The security risks of AI agent sprawl took center stage this week. GitGuardian's report showed 23.7 million exposed secrets on public GitHub repositories in 2024. The problem worsened when AI coding helpers like GitHub Copilot accidentally leaked secrets 40% more often. With companies managing 45 machine identities per employee, experts warn this "NHI crisis" could give hackers endless attack opportunities.

Harvard Business Review proposed audit systems and limited autonomy to keep AI agents honest. Their report compared managing AI to training new employees – needing oversight before full trust. SAS answered this call by launching customizable AI agents with built-in explanation features. Their SAS Viya platform lets companies adjust how much independence to give AI while tracking every decision.

IBM's researchers shared mixed news about autonomous AI progress.
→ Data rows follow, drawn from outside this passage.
Lemma pair_shaped_of_twin_number :
  4 <= #|T| -> twin_number e = #|T| - 2 ->
  exists a b inC aC bC ab,
    [/\ a != b, pair_shaped e a b inC aC bC ab & pair_twin_free inC aC bC ab].
Proof.
move=> cardT tw.
have [u max_u] := eq_bigmax (fun u => #|twin_class e u|) (leq_trans (isT : 0 < 4) cardT).
set C := twin_class e u.
have cardC : #|C| = #|T| - 2 by rewrite -tw /twin_number max_u.
have /cards2P [a [b [a_neq_b compl]]] : #|~: C| == 2 by move: (cardsC C); rewrite cardC; lia.
have memC x : (x \in C) = (x != a) && (x != b).
  by rewrite -[x \in C]negbK -in_setC compl !inE negb_or.
have /card_gt0P [w] : 0 < #|C :\ u| by move: (cardsD1 u C); rewrite twin_class_refl cardC; lia.
rewrite in_setD1 => /andP [wu wC].
have sh := pair_shaped_twin_class e_sym e_irr a_neq_b memC wC wu.
exists a, b, (e u w), (e u a), (e u b), (e a b); split=> //.
have /andP [ua ub] : (u != a) && (u != b) by rewrite -memC twin_class_refl.
have /andP [wa wb] : (w != a) && (w != b) by rewrite -memC.
have [uw b_neq_a] : u != w /\ b != a by split; rewrite eq_sym.
rewrite /pair_twin_free -(pair_shaped_twins_a e_sym e_irr a_neq_b sh ua ub wa wb uw).
rewrite -(pair_shaped_twins_a e_sym e_irr b_neq_a (pair_shaped_sym sh) ub ua wb wa uw).
by move: (memC a) (memC b); rewrite !inE !eqxx andbF => -> ->.
Qed.

End TwinNumber.

Lemma special_pairE n (i0 i1 : 'I_n) (z : 'I_n) :
  val i0 = 0 -> val i1 = 1 -> special z = (z == i0) || (z == i1).
Proof. by move=> h0 h1; rewrite /special -!val_eqE h0 h1; case: z => [[|[|k]] ?]. Qed.

Lemma models_pair_shaped n (i0 i1 : 'I_n) :
  val i0 = 0 -> val i1 = 1 ->
  [/\ pair_shaped (graph_a n) i0 i1 true true true false,
      pair_shaped (graph_b n) i0 i1 true true false true,
      pair_shaped (graph_c n) i0 i1 false true true false &
      pair_shaped (graph_d n) i0 i1 false true true true].
Proof.
move=> h0 h1; have i01 : i0 != i1 by rewrite -val_eqE h0 h1.
have i10 : i1 != i0 by rewrite eq_sym.
have E0 (z : 'I_n) : (val z == 0) = (z == i0) by rewrite -val_eqE h0.
have E1 (z : 'I_n) : (val z == 1) = (z == i1) by rewrite -val_eqE h1.
split=> x y; rewrite /graph_a /graph_b /graph_c /graph_d ?E0 ?E1 ?(special_pairE _ h0 h1);
  case: (pair_kind i0 i1 x) => [->|->|[xa xb]]; case: (pair_kind i0 i1 y) => [->|->|[ya yb]];
  by rewrite ?eqxx ?[i0 == _]eq_sym ?[i1 == _]eq_sym ?(negbTE i01) ?(negbTE i10)
             ?xa ?xb ?ya ?yb /= ?andbF.
Qed.
Theorem mainTheorem15 (p d : nat) (hp : prime p)
  (phi : laurent 'F_p -> laurent 'rV['F_p]_d -> laurent 'rV['F_p]_d)
  (phi_aut : forall f, is_aut (phi f))
  (phi_hom : forall f g, phi (ladd f g) = phi f \o phi g)
  (phi_cont : brac_continuous phi)
  (phi_conj : forall f, phi (tmul f) = tmul \o phi f \o tinv)
  (phi_tri : forall f (i j : int), i < j -> blk (phi f) i j = 0) :
  forall s : seq (laurent 'rV['F_p]_d -> laurent 'rV['F_p]_d),
    size s = d ->
    (forall a, List.In a s ->
       in_alg (fun b => exists r : int, b = (fun x => lsub (phi (tpow p r) x) x)) a) ->
    forall i : int, blk (prod_maps s) i i = 0.
Proof.
move=> s sz algs i.
pose G b := exists r : int, b = phi_sub1 phi (tpow p r).
have G_additive b : G b -> additive_map b.
  by rewrite /G => -[r ->]; apply: phi_sub1_additive.
have G_filtered b : G b -> filtered b.
  by rewrite /G => -[r ->]; apply: phi_sub1_filtered.
have algs_ok a : List.In a s -> additive_map a /\ filtered a.
  by move/algs => alga; split; [apply: in_alg_additive alga | apply: in_alg_filtered alga].
have [_ ->] := blk_prod_maps i algs_ok.
pose S M := exists r : int, M = blk (phi (tpow p r)) i i - 1%:M.
apply: (@mx_alg_prod_eq0 _ _ S).
- by move=> _ _ [r ->] [r' ->]; apply: blk_phi_sub1_comm.
- by move=> _ [r ->]; exists p; apply: blk_phi_sub1_nil.
- by rewrite size_map.
- move=> _ /In_map_inv [a /algs alga ->]; apply: (in_alg_blk G_additive G_filtered _ alga).
  by move=> _ [r ->]; exists r; rewrite blk_phi_sub1.
Qed.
While 99% of developers now work on AI agents, most systems still need human checks. Their survey found agents can plan projects but struggle with unexpected problems.

Human Security CEO Stu Solomon highlighted a new challenge – verifying legitimate AI agents. His company adapts bot-fighting tech to spot fake or hacked AI assistants. "We need digital ID cards for bots," he told CRN, comparing it to checking delivery driver credentials.

Globally, companies face pressure to deploy AI agents quickly while avoiding leaks and misuse. The week's developments show industries moving toward explainable AI and stricter access controls. From Florida's SAS Innovate conference to IBM's worldwide developer survey, the message is clear: future AI systems need both capability and accountability.